I've used them for about 2 or 3 years here in MO on whitetails and love them. Open up as easy as Snypers, but with the solid stainless steel nose they really blow through any bone they encounter. I've tried Snypers, Grim Reapers, R.M. Gators and NAP Spitfires and like the Tekans above all others as far as mech. go.Great heads!


----------



## bowtechcharlie (Jun 8, 2009)

I used them last year and liked them. They flew great and killed the whitetails dead. I really have never used anything from G5 that wasn't everything they say it is. But you also pay for it $$$.


----------



## dtilley001 (Jan 6, 2009)

I have used the original Tekans, the Tekan II's, and now I am using the NEW Black Tekans (carbon steel instead of stainless steel). I think that after a few years that they finally got all of the kinks worked out.

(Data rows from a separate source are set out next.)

From Pilot Require Import Defs.
From HB Require Import structures.
From mathcomp Require Import all_boot all_order all_algebra.
From mathcomp Require Import complex.
From mathcomp Require Import reals.
From mathcomp Require Import ring zify.
From mathcomp Require boolp.
Import Order.TTheory GRing.Theory Num.Theory.
Set Implicit Arguments. Unset Strict Implicit. Unset Printing Implicit Defensive.
Local Open Scope ring_scope.

(* The bracket relations are identities between pairs of polynomials in
   x = d^2.  Over a field of characteristic 0 it suffices to check them after
   evaluation at every point, where, once t = 1 or t = -1 is substituted, they
   become rational identities in s, alpha, the values f(x + c), g(x + c) and
   the powers s^k, (-1)^k, checked by [field].

   L_0 and G_0 act on M by (f, g) |-> (x f, x g) and (f, g) |-> (x g, f), so
   M is generated by (1, 0) over h.  In any h-module the relations
   [L_0, G_0] = 0 and [G_0, G_0] = 2 L_0 say that L := L_0 and A := G_0
   commute and A^2 = L, so (f, g) |-> f(L) w + A (g(L) w) is an h-map sending
   (1, 0) to w, and it is the only one since x^i (1, 0) = L_0^i (1, 0) and
   (0, g) = G_0 (g, 0). *)

Section LinearF.
Variables (F : fieldType) (U W : lmodType F) (h : U -> W).
Hypothesis h_lin : linearF h.

Lemma linearF0 : h 0 = 0.
Proof.
by have := h_lin 1 0 0; rewrite !scale1r addr0 -{1}[h 0]add0r => /addIr.
Qed.

Lemma linearFD u v : h (u + v) = h u + h v.
Proof. by have := h_lin 1 u v; rewrite !scale1r. Qed.

Lemma linearFZ c u : h (c *: u) = c *: h u.
Proof. by have := h_lin c u 0; rewrite !addr0 linearF0 addr0. Qed.

Lemma linearF_sum n (c : nat -> F) (u : nat -> U) :
  h (\sum_(i < n) c i *: u i) = \sum_(i < n) c i *: h (u i).
Proof.
elim: n => [|n IH]; first by rewrite !big_ord0 linearF0.
by rewrite !big_ord_recr /= linearFD IH linearFZ.
Qed.

End LinearF.

Section PolyApply.
Variables (F : fieldType) (W : lmodType F) (L : W -> W) (w : W).

Definition poly_apply (p : {poly F}) : W := \sum_(i < size p) p`_i *: iter i L w.

Lemma poly_apply_widen (p : {poly F}) n : (size p <= n)%N ->
  poly_apply p = \sum_(i < n) p`_i *: iter i L w.
Proof.
move=> le_p_n.
rewrite /poly_apply (big_ord_widen n (fun i => p`_i *: iter i L w) le_p_n).
rewrite big_mkcond; apply: eq_bigr => i _; case: ifPn => // /negbTE.
by rewrite ltnNge => /negbFE le_p_i; rewrite nth_default // scale0r.
Qed.

Lemma poly_apply0 : poly_apply 0 = 0.
Proof. by rewrite /poly_apply size_poly0 big_ord0. Qed.

Lemma poly_apply1 : poly_apply 1 = w.
Proof. by rewrite /poly_apply size_poly1 big_ord1 coefC scale1r. Qed.

Lemma poly_applyP c (p q : {poly F}) :
  poly_apply (c *: p + q) = c *: poly_apply p + poly_apply q.
Proof.
set n := maxn (size p) (size q).
have le_pq_n : (size (c *: p + q)%R <= n)%N.
  rewrite (leq_trans (size_polyD _ _)) // geq_max leq_maxr andbT.
  exact: leq_trans (size_scale_leq c p) (leq_maxl _ _).
rewrite !(@poly_apply_widen _ n) ?leq_maxl ?leq_maxr // scaler_sumr -big_split.
by apply: eq_bigr => i _; rewrite coefD coefZ scalerDl scalerA.
Qed.

Hypothesis L_lin : linearF L.

Lemma poly_apply_mulX (p : {poly F}) : poly_apply (p * 'X) = L (poly_apply p).
Proof.
rewrite (@poly_apply_widen _ (size p).+1); last first.
  by rewrite (leq_trans (size_polyMleq _ _)) // size_polyX addn2.
rewrite big_ord_recl coefMX scale0r add0r /poly_apply linearF_sum //.
by apply: eq_bigr => i _; rewrite coefMX.
Qed.

End PolyApply.

Section MactBasic.
Variables (F : fieldType) (t s alpha : F).
Local Notation act := (Mact t s alpha).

The NEW Black Tekans will stay closed in a quiver. The original Tekans would come open very easily if you bumped the arrow or put the arrow in a quiver. All of the Tekans have been sharp but the NEW Black Carbon Steel Tekan is very sharp.
The Tekans design will also allow you to easily re-use the head after a kill. If the main body gets a nick or burr on the head you can easily file it down. The blade and O-ring replacement could be done in the dark. It is very easy as well. No tools needed. I have taken a total of 8 deer in the last seasons since I switched to the Tekan broadheads. They work perfectly for me and I couldnt be happier with them now that they have the bugs worked out. 
Hope this helps.


----------



## Mattyv97 (Mar 30, 2009)

*G5*

I started using the Tekans this year. they are illegal in NY but i do a few out of state hunts and im going to use them for that. so far they seem awesome. ive used G5 for the last 4years and i think they are the greatest. i use the Strikers in NY and they are by far the best fixed blade head ive ever used. Everything by G5 is costly, but you pay for what you get and i think they are worth every penny. i love this company


----------



## nikki6gun (Sep 7, 2007)

*g5*

I shot my first deer with a bow 2yrs ago using the tekn2. head on at 15yrds center chest a little high lodged between shoulder and spine dropped in its tracks. they fly great and wound channel is large. the only reason i dont shoot them anymore is the o ring. just one more stupid little thing to go wrong.


----------



## Hoyts&HD's (Jun 17, 2007)

Never had the luck to use them on a whitetail yet, but I like what they do to turkeys! 3 birds in the last 3 years and they dropped within 5 steps of where I shot them!


----------